◆ **REQUIREMENT**:
Given the records below, would you repeat exactly the lines that begin at the one containing "0 => [set x]" and end at the one containing "Inductive outcome := OutM", inclusive?

######

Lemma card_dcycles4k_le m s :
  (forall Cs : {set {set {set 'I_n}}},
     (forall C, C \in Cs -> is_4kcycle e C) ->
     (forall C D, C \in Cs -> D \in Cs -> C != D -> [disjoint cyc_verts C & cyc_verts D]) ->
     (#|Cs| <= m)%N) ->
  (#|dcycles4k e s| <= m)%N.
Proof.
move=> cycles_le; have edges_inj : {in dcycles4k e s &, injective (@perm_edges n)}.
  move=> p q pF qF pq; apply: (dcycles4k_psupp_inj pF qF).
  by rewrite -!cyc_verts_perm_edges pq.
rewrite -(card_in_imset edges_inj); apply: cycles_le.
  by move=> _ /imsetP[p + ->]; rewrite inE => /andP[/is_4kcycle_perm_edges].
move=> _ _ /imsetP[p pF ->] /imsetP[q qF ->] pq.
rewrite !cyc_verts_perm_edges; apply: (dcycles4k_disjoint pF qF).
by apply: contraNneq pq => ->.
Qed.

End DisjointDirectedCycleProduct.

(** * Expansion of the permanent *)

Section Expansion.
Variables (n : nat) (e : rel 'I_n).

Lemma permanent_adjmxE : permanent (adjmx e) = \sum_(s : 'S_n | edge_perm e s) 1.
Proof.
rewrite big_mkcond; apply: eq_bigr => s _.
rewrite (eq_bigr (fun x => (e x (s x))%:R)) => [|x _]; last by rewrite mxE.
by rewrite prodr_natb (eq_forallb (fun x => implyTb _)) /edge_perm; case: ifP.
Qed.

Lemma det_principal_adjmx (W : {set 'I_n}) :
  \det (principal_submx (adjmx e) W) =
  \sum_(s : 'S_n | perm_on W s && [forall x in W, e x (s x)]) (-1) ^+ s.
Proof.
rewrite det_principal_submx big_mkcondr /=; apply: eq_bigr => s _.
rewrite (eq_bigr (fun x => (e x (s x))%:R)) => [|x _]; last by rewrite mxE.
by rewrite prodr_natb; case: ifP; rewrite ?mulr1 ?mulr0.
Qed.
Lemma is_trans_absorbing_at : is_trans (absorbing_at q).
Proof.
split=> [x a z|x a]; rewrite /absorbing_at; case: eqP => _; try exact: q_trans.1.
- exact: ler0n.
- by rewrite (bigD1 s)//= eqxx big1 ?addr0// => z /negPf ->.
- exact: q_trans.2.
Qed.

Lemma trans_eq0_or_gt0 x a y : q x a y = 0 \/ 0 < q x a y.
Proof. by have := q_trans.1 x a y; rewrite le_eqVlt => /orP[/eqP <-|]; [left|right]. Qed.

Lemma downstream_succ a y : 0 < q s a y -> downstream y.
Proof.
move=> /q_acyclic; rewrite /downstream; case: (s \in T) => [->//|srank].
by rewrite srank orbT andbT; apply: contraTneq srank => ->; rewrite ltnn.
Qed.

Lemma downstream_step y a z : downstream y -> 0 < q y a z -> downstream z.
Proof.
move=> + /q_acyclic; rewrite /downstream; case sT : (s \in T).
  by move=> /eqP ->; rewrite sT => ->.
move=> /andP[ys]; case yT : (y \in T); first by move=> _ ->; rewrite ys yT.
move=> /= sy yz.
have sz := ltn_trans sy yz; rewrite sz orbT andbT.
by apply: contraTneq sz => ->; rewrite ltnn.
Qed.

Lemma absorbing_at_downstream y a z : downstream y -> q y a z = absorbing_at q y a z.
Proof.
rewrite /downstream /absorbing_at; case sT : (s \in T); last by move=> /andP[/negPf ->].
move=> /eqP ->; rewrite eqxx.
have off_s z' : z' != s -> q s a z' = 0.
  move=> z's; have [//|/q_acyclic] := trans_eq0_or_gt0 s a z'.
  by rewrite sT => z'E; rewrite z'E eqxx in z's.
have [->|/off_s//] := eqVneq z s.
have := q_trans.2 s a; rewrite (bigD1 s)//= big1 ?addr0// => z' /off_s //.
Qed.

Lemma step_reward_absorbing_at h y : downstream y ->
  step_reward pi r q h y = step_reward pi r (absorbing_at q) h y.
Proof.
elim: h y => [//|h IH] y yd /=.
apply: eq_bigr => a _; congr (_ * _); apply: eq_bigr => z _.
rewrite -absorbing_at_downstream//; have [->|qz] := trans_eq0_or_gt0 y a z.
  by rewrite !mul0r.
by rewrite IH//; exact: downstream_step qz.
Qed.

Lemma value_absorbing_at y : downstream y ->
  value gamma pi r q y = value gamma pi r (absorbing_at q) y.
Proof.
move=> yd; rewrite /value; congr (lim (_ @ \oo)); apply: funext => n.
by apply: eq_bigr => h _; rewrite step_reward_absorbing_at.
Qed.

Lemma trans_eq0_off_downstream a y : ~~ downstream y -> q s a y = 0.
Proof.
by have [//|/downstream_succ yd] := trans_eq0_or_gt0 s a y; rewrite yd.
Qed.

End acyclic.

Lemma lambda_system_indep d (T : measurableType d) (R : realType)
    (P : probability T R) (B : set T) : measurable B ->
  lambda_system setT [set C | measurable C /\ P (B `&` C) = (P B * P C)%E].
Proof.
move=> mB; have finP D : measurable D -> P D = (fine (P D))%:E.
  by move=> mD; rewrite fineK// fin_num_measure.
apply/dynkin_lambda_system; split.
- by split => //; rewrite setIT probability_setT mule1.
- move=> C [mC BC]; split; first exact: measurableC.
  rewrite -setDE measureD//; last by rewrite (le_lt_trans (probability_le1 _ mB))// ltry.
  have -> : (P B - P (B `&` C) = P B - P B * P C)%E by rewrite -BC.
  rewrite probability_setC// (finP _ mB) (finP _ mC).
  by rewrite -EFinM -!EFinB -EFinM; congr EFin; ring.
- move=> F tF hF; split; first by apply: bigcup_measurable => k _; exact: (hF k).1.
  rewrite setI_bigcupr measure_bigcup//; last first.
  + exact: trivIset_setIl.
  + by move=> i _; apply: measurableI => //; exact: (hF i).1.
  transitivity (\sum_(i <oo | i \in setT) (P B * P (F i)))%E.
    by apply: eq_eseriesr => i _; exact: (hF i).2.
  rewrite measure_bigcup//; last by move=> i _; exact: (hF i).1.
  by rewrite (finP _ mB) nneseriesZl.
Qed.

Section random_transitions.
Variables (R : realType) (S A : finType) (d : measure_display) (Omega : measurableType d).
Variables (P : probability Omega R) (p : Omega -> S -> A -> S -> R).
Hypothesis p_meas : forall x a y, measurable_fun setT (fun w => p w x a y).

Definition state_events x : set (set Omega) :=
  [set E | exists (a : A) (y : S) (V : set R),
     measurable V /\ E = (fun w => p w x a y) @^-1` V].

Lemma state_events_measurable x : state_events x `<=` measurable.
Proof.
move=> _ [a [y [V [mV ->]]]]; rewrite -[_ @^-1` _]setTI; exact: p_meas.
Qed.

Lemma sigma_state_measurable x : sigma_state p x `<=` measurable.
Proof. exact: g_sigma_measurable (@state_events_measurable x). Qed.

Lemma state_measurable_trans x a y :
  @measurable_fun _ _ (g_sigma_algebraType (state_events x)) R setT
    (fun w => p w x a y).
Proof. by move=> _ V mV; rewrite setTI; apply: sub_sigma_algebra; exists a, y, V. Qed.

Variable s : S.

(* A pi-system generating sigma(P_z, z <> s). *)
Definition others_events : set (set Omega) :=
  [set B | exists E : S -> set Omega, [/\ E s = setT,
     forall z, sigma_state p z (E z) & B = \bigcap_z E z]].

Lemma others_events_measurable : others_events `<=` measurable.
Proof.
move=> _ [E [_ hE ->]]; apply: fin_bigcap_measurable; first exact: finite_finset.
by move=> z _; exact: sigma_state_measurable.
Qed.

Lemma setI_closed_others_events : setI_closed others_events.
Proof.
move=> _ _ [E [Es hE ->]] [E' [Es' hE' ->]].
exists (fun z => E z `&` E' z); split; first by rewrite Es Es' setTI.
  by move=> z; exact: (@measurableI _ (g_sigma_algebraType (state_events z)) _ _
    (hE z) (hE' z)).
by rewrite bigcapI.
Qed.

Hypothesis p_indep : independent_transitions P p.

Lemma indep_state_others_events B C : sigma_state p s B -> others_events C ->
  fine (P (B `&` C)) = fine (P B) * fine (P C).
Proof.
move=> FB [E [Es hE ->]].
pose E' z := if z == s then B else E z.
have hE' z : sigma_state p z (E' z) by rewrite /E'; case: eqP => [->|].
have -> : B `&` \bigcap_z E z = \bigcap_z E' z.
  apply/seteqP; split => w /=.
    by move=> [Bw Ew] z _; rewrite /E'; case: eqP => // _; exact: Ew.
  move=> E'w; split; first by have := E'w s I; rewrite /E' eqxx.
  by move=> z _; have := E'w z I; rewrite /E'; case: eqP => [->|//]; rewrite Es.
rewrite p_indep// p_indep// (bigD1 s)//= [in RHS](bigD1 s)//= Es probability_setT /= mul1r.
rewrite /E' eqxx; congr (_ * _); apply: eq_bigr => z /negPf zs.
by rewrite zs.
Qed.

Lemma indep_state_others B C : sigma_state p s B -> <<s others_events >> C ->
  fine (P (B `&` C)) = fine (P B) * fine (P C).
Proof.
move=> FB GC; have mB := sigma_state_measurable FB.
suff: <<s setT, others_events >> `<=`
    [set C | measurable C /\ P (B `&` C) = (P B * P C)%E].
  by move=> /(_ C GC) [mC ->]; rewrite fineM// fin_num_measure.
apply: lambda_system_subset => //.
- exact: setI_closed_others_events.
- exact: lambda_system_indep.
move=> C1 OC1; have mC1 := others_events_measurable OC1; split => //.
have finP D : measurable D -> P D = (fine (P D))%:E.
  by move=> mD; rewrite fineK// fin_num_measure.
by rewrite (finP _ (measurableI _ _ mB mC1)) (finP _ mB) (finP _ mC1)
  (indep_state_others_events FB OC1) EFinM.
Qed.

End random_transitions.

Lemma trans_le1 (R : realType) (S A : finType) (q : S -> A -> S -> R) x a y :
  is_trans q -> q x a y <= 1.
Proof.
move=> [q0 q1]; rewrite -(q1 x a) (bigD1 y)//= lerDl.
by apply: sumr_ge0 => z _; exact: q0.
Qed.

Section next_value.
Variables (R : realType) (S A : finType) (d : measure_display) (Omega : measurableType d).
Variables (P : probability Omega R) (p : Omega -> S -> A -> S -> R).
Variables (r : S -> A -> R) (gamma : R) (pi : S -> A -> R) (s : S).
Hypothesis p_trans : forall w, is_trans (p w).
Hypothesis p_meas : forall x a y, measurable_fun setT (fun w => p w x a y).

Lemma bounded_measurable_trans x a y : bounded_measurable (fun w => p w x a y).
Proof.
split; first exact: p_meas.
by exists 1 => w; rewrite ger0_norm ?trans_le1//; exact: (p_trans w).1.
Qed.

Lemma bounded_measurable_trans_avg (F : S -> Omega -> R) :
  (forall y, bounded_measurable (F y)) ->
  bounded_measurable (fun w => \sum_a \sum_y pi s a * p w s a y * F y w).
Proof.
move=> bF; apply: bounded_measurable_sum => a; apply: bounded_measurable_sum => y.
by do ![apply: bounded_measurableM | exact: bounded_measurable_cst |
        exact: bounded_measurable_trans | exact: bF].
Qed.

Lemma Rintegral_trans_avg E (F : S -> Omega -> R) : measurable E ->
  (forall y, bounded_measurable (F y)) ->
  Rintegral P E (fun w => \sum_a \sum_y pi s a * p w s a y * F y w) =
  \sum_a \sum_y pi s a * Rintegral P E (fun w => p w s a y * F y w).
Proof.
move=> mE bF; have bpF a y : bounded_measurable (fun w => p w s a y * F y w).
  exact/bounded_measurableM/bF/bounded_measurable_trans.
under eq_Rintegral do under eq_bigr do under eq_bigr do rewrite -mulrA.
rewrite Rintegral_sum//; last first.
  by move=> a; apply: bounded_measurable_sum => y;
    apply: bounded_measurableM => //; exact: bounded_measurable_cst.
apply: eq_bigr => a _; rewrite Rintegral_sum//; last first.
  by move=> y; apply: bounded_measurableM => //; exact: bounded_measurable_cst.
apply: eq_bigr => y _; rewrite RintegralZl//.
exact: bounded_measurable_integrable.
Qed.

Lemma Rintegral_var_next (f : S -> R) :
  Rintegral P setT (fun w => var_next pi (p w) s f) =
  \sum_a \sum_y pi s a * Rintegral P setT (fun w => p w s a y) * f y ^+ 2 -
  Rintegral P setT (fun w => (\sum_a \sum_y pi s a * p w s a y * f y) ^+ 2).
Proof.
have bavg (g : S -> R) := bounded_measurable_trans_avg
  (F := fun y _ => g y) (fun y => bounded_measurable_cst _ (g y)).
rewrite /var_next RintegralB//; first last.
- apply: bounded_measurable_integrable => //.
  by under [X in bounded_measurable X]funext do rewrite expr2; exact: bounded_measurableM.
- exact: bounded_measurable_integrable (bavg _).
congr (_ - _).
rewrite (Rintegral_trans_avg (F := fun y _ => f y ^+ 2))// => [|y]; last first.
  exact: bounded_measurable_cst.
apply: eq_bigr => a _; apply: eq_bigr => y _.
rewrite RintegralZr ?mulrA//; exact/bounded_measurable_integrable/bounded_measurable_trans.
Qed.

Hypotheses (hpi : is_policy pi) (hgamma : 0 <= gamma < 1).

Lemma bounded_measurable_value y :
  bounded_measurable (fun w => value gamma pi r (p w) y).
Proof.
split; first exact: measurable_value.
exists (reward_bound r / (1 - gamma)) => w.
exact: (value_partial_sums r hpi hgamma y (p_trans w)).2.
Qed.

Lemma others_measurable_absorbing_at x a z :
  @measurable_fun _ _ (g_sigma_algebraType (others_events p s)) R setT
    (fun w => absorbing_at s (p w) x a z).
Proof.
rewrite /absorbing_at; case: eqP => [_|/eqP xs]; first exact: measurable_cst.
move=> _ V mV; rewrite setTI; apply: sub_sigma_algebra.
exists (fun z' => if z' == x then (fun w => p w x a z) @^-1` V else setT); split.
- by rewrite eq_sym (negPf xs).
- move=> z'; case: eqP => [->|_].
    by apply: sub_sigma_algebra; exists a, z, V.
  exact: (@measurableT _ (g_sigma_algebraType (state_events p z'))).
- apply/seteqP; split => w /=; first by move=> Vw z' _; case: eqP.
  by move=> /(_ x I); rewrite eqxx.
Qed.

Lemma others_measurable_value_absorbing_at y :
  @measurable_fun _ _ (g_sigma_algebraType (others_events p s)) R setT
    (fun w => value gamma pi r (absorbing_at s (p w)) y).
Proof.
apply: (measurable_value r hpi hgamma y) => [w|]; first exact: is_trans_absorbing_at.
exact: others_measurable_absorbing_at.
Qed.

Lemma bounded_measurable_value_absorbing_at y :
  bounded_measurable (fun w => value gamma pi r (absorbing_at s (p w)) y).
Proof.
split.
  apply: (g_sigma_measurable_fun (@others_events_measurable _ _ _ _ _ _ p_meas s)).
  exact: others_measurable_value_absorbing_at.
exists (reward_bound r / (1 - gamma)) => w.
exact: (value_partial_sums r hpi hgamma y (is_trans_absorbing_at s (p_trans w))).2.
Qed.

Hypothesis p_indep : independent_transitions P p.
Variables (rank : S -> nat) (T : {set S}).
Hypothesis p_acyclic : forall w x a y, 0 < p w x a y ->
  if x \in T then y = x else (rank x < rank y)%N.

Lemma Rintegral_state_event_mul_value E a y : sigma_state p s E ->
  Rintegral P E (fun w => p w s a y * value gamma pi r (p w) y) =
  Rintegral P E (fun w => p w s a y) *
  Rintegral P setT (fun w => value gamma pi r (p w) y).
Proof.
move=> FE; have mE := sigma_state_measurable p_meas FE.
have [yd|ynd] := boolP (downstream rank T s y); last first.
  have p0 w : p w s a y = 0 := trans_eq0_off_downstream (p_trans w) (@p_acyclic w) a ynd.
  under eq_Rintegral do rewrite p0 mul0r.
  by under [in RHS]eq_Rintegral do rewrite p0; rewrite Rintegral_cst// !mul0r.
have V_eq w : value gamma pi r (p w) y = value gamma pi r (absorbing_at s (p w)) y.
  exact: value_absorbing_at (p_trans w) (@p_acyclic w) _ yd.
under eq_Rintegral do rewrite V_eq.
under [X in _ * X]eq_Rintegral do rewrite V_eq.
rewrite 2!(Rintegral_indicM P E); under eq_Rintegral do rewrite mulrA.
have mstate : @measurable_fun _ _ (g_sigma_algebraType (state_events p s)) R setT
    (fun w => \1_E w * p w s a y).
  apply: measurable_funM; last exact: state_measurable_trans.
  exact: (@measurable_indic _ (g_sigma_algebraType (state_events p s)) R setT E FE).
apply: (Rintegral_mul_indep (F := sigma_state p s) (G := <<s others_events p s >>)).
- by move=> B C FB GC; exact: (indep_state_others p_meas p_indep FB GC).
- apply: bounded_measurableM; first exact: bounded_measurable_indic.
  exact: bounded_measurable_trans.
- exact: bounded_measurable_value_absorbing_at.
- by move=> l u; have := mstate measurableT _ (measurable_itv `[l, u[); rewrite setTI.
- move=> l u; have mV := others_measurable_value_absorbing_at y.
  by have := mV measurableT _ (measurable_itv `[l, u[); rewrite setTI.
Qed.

######

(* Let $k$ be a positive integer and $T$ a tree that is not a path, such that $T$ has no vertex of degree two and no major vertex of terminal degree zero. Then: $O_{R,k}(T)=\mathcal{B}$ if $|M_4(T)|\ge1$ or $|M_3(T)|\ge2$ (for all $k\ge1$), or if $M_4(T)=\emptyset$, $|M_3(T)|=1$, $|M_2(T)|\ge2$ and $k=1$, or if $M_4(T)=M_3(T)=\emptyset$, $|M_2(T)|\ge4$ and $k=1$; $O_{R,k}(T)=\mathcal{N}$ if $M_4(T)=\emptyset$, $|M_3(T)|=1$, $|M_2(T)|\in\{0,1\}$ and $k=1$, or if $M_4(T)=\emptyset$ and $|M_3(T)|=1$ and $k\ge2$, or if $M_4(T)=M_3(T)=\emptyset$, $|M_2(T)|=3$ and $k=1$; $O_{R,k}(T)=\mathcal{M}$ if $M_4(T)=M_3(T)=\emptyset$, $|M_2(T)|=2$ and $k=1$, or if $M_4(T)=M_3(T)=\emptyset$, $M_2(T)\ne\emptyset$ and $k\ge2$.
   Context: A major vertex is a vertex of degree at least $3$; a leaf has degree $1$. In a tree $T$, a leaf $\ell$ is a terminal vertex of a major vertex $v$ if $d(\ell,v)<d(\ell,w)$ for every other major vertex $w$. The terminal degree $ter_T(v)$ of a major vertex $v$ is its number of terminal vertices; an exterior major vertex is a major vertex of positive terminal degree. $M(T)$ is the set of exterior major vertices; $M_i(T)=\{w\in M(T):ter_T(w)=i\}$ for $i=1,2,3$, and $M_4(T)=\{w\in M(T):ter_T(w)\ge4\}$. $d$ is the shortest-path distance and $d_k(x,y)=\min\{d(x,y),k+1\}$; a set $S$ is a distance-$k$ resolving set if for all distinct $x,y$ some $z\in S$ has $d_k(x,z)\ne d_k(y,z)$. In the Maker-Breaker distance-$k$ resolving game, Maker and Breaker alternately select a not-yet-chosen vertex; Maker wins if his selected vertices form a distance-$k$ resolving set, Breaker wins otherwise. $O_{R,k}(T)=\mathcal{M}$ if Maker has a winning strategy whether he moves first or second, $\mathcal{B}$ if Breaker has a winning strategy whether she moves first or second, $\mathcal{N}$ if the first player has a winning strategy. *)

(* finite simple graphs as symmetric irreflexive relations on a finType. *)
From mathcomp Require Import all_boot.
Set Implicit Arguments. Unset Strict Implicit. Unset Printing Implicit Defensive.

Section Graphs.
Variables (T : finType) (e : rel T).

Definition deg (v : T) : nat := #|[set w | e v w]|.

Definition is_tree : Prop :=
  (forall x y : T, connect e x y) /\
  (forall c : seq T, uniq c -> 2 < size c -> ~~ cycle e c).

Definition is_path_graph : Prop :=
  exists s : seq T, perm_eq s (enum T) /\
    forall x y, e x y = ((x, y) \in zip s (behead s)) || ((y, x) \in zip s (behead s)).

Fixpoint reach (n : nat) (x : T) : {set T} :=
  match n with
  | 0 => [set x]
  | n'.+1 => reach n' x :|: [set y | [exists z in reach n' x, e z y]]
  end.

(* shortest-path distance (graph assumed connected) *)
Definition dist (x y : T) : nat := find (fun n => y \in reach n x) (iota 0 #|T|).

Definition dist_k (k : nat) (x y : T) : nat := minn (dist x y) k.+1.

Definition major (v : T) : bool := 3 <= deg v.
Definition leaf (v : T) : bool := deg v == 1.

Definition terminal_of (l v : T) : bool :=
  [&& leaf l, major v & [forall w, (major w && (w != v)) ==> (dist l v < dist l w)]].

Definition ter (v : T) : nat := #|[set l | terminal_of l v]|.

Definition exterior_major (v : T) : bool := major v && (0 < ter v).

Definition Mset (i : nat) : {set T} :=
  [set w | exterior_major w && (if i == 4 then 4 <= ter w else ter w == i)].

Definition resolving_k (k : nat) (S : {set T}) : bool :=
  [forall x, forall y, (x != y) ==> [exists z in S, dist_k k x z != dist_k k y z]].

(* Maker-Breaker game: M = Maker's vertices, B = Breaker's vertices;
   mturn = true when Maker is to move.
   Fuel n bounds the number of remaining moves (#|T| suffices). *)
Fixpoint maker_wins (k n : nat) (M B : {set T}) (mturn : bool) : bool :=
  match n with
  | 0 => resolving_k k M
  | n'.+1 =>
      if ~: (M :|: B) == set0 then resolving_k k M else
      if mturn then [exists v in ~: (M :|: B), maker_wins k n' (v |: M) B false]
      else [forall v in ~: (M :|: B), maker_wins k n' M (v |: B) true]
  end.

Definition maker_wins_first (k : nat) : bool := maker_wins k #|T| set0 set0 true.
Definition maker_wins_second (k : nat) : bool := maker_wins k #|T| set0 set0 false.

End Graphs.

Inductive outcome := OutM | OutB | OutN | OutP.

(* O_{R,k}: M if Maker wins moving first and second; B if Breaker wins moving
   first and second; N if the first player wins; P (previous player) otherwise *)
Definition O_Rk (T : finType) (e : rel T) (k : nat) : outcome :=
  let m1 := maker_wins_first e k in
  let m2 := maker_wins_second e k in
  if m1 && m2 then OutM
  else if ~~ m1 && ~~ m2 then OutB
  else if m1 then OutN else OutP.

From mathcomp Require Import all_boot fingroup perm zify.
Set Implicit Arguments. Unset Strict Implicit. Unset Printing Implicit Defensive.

######

◆ **EXERCISE SOLUTION**:
  | 0 => [set x]
  | n'.+1 => reach n' x :|: [set y | [exists z in reach n' x, e z y]]
  end.

(* shortest-path distance (graph assumed connected) *)
Definition dist (x y : T) : nat := find (fun n => y \in reach n x) (iota 0 #|T|).

Definition dist_k (k : nat) (x y : T) : nat := minn (dist x y) k.+1.

Definition major (v : T) : bool := 3 <= deg v.
Definition leaf (v : T) : bool := deg v == 1.

Definition terminal_of (l v : T) : bool :=
  [&& leaf l, major v & [forall w, (major w && (w != v)) ==> (dist l v < dist l w)]].

Definition ter (v : T) : nat := #|[set l | terminal_of l v]|.

Definition exterior_major (v : T) : bool := major v && (0 < ter v).

Definition Mset (i : nat) : {set T} :=
  [set w | exterior_major w && (if i == 4 then 4 <= ter w else ter w == i)].

Definition resolving_k (k : nat) (S : {set T}) : bool :=
  [forall x, forall y, (x != y) ==> [exists z in S, dist_k k x z != dist_k k y z]].

(* Maker-Breaker game: M = Maker's vertices, B = Breaker's vertices;
   mturn = true when Maker is to move.
   Fuel n bounds the number of remaining moves (#|T| suffices). *)
Fixpoint maker_wins (k n : nat) (M B : {set T}) (mturn : bool) : bool :=
  match n with
  | 0 => resolving_k k M
  | n'.+1 =>
      if ~: (M :|: B) == set0 then resolving_k k M else
      if mturn then [exists v in ~: (M :|: B), maker_wins k n' (v |: M) B false]
      else [forall v in ~: (M :|: B), maker_wins k n' M (v |: B) true]
  end.

Definition maker_wins_first (k : nat) : bool := maker_wins k #|T| set0 set0 true.
Definition maker_wins_second (k : nat) : bool := maker_wins k #|T| set0 set0 false.

End Graphs.

Inductive outcome := OutM | OutB | OutN | OutP.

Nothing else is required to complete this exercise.